Lady Harriett Mordaunt

Lady Harriett Mordaunt


Born Harriett Sarah Moncreiffe in 1836, her parents were the Scottish baronet Sir Thomas Moncreiffe and Lady Louisa Hay-Drummond. On 6 December 1861 she married Sir Charles Mordaunt, who had inherited his father’s baronetcy in 1845, aged only nine. To mark his coming of age he had commissioned, for the enormous sum of £30,000, Sir George Gilbert Scott to rebuild Walton Hall, the family home, in exuberant Gothic style. From 1859 to 1868 he was the Conservative MP for South Warwickshire.

Sir Charles was a stolid country squire with no interests beyond hunting and shooting, and Harriet was a young beauty who had already caught the eye of the Prince of Wales.

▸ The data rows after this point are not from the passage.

Lemma Zpart_le L n : 0 < lam -> L <= 0 -> (lam - 1) * exp (2 * L) <= 1 -> (1 <= n)%nat ->
  let c := exp L + exp (- L) in
  Zpart lam a (2 * n)
  <= 2 ^ (2 * n) * exp (INR (2 * n) * Rmax 0 (ln (c / 2) + 2 * a * L))
     * (1 + INR (2 * n) * (lam / (c * exp L))).
Proof.
  intros Hl HL Hcontact Hn c.
  assert (Hc : 0 < c) by (unfold c; pose proof (exp_pos L); pose proof (exp_pos (- L)); lra).
  set (g := Rmax 0 (ln (c / 2) + 2 * a * L)).
  set (K0 := lam / (c * exp L)).
  assert (HK0 : 0 < K0) by (apply Rdiv_lt_0_compat, Rmult_lt_0_compat; auto using exp_pos).
  destruct (start_height_bounds a n Ha Hn) as [Hh Hhb].
  rewrite Zpart_transfer. set (h := even_ceil (a * INR (2 * n))) in *.
  set (N := (2 * n)%nat).
  assert (HN : INR N = 2 * INR n) by (unfold N; rewrite mult_INR; simpl; ring).
  pose proof (pos_INR N). assert (0 < 2 ^ N) by (apply pow_lt; lra).
  assert (Hexp : c ^ N * exp (2 * IZR h * L) <= 2 ^ N * exp (INR N * g)).
  { rewrite <- (exp_ln (c ^ N)), <- (exp_ln (2 ^ N)), !ln_pow, <- !exp_plus
      by (try apply pow_lt; lra).
    apply exp_le_compat.
    assert (ln (c / 2) + 2 * a * L <= g) by apply Rmax_r.
    rewrite ln_div in H1 by lra. nra. }
  assert (HE : 1 <= exp (INR N * g)).
  { rewrite <- exp_0. apply exp_le_compat. pose proof (Rmax_l 0 (ln (c / 2) + 2 * a * L)).
    fold g in H1. nra. }
  eapply Rle_trans; [apply (transfer_pinned_le lam L h); auto|]. fold c.
  replace (INR N * lam * c ^ (N - 1) * exp ((2 * IZR h - 1) * L))
    with (INR N * K0 * (c ^ N * exp (2 * IZR h * L))).
  2:{ replace N with (S (N - 1)) at 2 by (unfold N; lia). simpl pow. unfold K0.
      replace ((2 * IZR h - 1) * L) with (2 * IZR h * L + - L) by ring.
      rewrite exp_plus, exp_Ropp. field. split; [apply Rgt_not_eq, exp_pos | lra]. }
  assert (INR N * K0 * (c ^ N * exp (2 * IZR h * L)) <= INR N * K0 * (2 ^ N * exp (INR N * g)))
    by (apply Rmult_le_compat_l; [nra | auto]).
  nra.
Qed.

Lemma free_energy_seq_le L : 0 < lam -> L <= 0 -> (lam - 1) * exp (2 * L) <= 1 ->
  exists K, 0 <= K /\ forall n, (1 <= n)%nat ->
    free_energy_seq lam a n
    <= Rmax 0 (ln ((exp L + exp (- L)) / 2) + 2 * a * L) + ln (1 + K * INR n) / INR n.
Proof.
  intros Hl HL Hcontact.
  set (c := exp L + exp (- L)).
  assert (Hc : 0 < c) by (unfold c; pose proof (exp_pos L); pose proof (exp_pos (- L)); lra).
  set (K0 := lam / (c * exp L)).
  assert (HK0 : 0 < K0) by (apply Rdiv_lt_0_compat, Rmult_lt_0_compat; auto using exp_pos).
  exists (2 * K0). split; [lra|]. intros n Hn.
  assert (Hn1 : 1 <= INR n) by (apply (le_INR 1); auto).
  assert (HN : INR (2 * n) = 2 * INR n) by (rewrite mult_INR; simpl; ring).
  assert (Hln : ln (1 + INR (2 * n) * K0) / INR (2 * n) <= ln (1 + 2 * K0 * INR n) / INR n).
  { rewrite HN. replace (1 + 2 * INR n * K0) with (1 + 2 * K0 * INR n) by ring.
    assert (0 <= ln (1 + 2 * K0 * INR n)) by (rewrite <- ln_1; apply ln_le; nra).
    unfold Rdiv. rewrite Rinv_mult.
    assert (0 < / INR n) by (apply Rinv_0_lt_compat; lra). nra. }
  pose proof (ln_div_le_of_le (2 * n) _ _ K0 ltac:(lra) (Zpart_pos n ltac:(lra) Hn) ltac:(lra)
                (Rmax_l _ _) (Zpart_le L n Hl HL Hcontact Hn)).
  unfold free_energy_seq. fold c in H. lra.
Qed.

Lemma free_energy_seq_ge_poly n : 0 <= lam -> (1 <= n)%nat ->
  - (2 * ln (1 + 5 * INR n) / INR n) <= free_energy_seq lam a n.
Proof.
  intros Hl Hn. rewrite free_energy_seq_transfer.
  destruct (start_height_bounds a n Ha Hn) as [Hh Hhb].
  set (h := even_ceil (a * INR (2 * n))) in *.
  assert (Hn1 : 1 <= INR n) by (apply (le_INR 1); auto).
  set (R := IZR h + INR n + 1).
  assert (HR : 0 < R <= 1 + 5 * INR n) by (unfold R; nra).
  assert (HX : 0 < 2 ^ n / (R * R)) by (apply Rdiv_lt_0_compat; [apply pow_lt |]; nra).
  pose proof (ln_div_ge_of_square_le n _ _ Hn HX (transfer_pinned_ge_poly lam h n Hl Hh)) as Hlow.
  rewrite ln_div, ln_mult, ln_pow in Hlow by (try apply pow_lt; nra).
  assert (ln R <= ln (1 + 5 * INR n)) by (apply ln_le; lra).
  replace ((INR n * ln 2 - (ln R + ln R)) / INR n) with (ln 2 - 2 * ln R / INR n) in Hlow
    by (field; lra).
  assert (2 * ln R / INR n <= 2 * ln (1 + 5 * INR n) / INR n)
    by (unfold Rdiv; apply Rmult_le_compat_r; [apply Rlt_le, Rinv_0_lt_compat |]; lra).
  lra.
Qed.

Lemma free_energy_seq_ge_exp L n :
  1 < lam -> L <= 0 -> (lam - 1) * exp (2 * L) = 1 -> (1 <= n)%nat ->
  ln ((exp L + exp (- L)) / 2) + 2 * a * L + 2 * L / INR n - ln (1 + 5 * INR n) / INR n
  <= free_energy_seq lam a n.
Proof.
  intros Hl HL Hcontact Hn. rewrite free_energy_seq_transfer.
  destruct (start_height_bounds a n Ha Hn) as [Hh Hhb].
  set (h := even_ceil (a * INR (2 * n))) in *.
  assert (Hn1 : 1 <= INR n) by (apply (le_INR 1); auto).
  set (c := exp L + exp (- L)).
  assert (Hc : 0 < c) by (unfold c; pose proof (exp_pos L); pose proof (exp_pos (- L)); lra).
  set (R := IZR h + INR n + 1).
  assert (HR : 0 < R <= 1 + 5 * INR n) by (unfold R; nra).
  assert (HX : 0 < c ^ n * exp (IZR h * L) / R)
    by (apply Rdiv_lt_0_compat; [apply Rmult_lt_0_compat; [apply pow_lt | apply exp_pos] |]; lra).
  pose proof (ln_div_ge_of_square_le n _ _ Hn HX
                (transfer_pinned_ge_exp lam L h n Hl Hh HL Hcontact)) as Hlow.
  rewrite ln_div, ln_mult, ln_pow, ln_exp in Hlow
    by (try apply Rmult_lt_0_compat; try apply pow_lt; try apply exp_pos; lra).
  rewrite ln_div by lra.
  assert (ln R <= ln (1 + 5 * INR n)) by (apply ln_le; lra).
  assert (Hdiv : forall u v, u <= v -> u / INR n <= v / INR n)
    by (intros; unfold Rdiv; apply Rmult_le_compat_r; [apply Rlt_le, Rinv_0_lt_compat |]; lra).
  pose proof (Hdiv _ _ H).
  assert (2 * a * L + 2 * L / INR n <= IZR h * L / INR n).
  { replace (2 * a * L + 2 * L / INR n) with ((2 * a * INR n + 2) * L / INR n) by (field; lra).
    apply Hdiv. nra. }
  replace ((INR n * ln c + IZR h * L - ln R) / INR n)
    with (ln c + IZR h * L / INR n - ln R / INR n) in Hlow by (field; lra).
  lra.
Qed.

End SequenceBounds.

Lemma ln_sqrt x : 0 < x -> ln (sqrt x) = ln x / 2.
Proof.
  intros Hx. pose proof (sqrt_lt_R0 x Hx).
  rewrite <- (sqrt_sqrt x) at 2 by lra. rewrite ln_mult by auto. field.
Qed.

Lemma exp_half_ln x : 0 < x -> exp (ln x / 2) = sqrt x.
Proof. intros Hx. rewrite <- ln_sqrt by auto. apply exp_ln, sqrt_lt_R0; auto. Qed.

Lemma sub_le_mul_ln_div u v : 0 <= u -> 0 < v -> u - v <= u * (ln u - ln v).
Proof.
  intros [Hu | <-] Hv; [|lra].
  pose proof (exp_ineq1_le (ln (v / u))) as H.
  rewrite exp_ln, ln_div in H by (try apply Rdiv_lt_0_compat; auto).
  apply Rmult_le_compat_l with (r := u) in H; [|lra].
  replace (u * (v / u)) with v in H by (field; lra). nra.
Qed.

Lemma fpin_gt2 lam : 2 < lam -> fpin lam = ln lam - ln 2 - ln (lam - 1) / 2.
Proof.
  intros Hl. unfold fpin. destruct (Rlt_dec 2 lam); [|lra].
  pose proof (sqrt_lt_R0 (lam - 1) ltac:(lra)).
  rewrite ln_div, ln_mult, ln_sqrt by lra. ring.
Qed.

While Sir Charles killed foxes, deer, grouse, and salmon, or sat in Parliament, Harriet entertained numerous lovers, including the Prince and several of his aristocratic friends. In 1869 she gave birth to a blind daughter, Violet. Convinced that the baby’s affliction was the result of a venereal disease, Harriet confessed everything to her enraged husband.

Sir Charles immediately sued for divorce, threatening to name the Prince of Wales as a co-respondent. Harriet's father, who had several other daughters to marry off, announced that she was mad in order to prevent a divorce trial and save the family’s reputation. Harriet was incarcerated in various rented houses, and after some weeks either broke down or agreed to feign madness: smashing plates, eating coal, howling and crawling. The case was brought to court and the Prince of Wales was called as a witness; he admitted visiting Lady Mordaunt but nothing further was proved.

In 1875 Sir Charles sued again. Viscount Cole (later 4th Earl of Enniskillen), the father of Harriet's child, pled guilty to adultery with her and Sir Charles got his divorce. Harriet was kept in asylums for the rest of her life. However, her daughter Violet, sight restored, married the future Marquess of Bath.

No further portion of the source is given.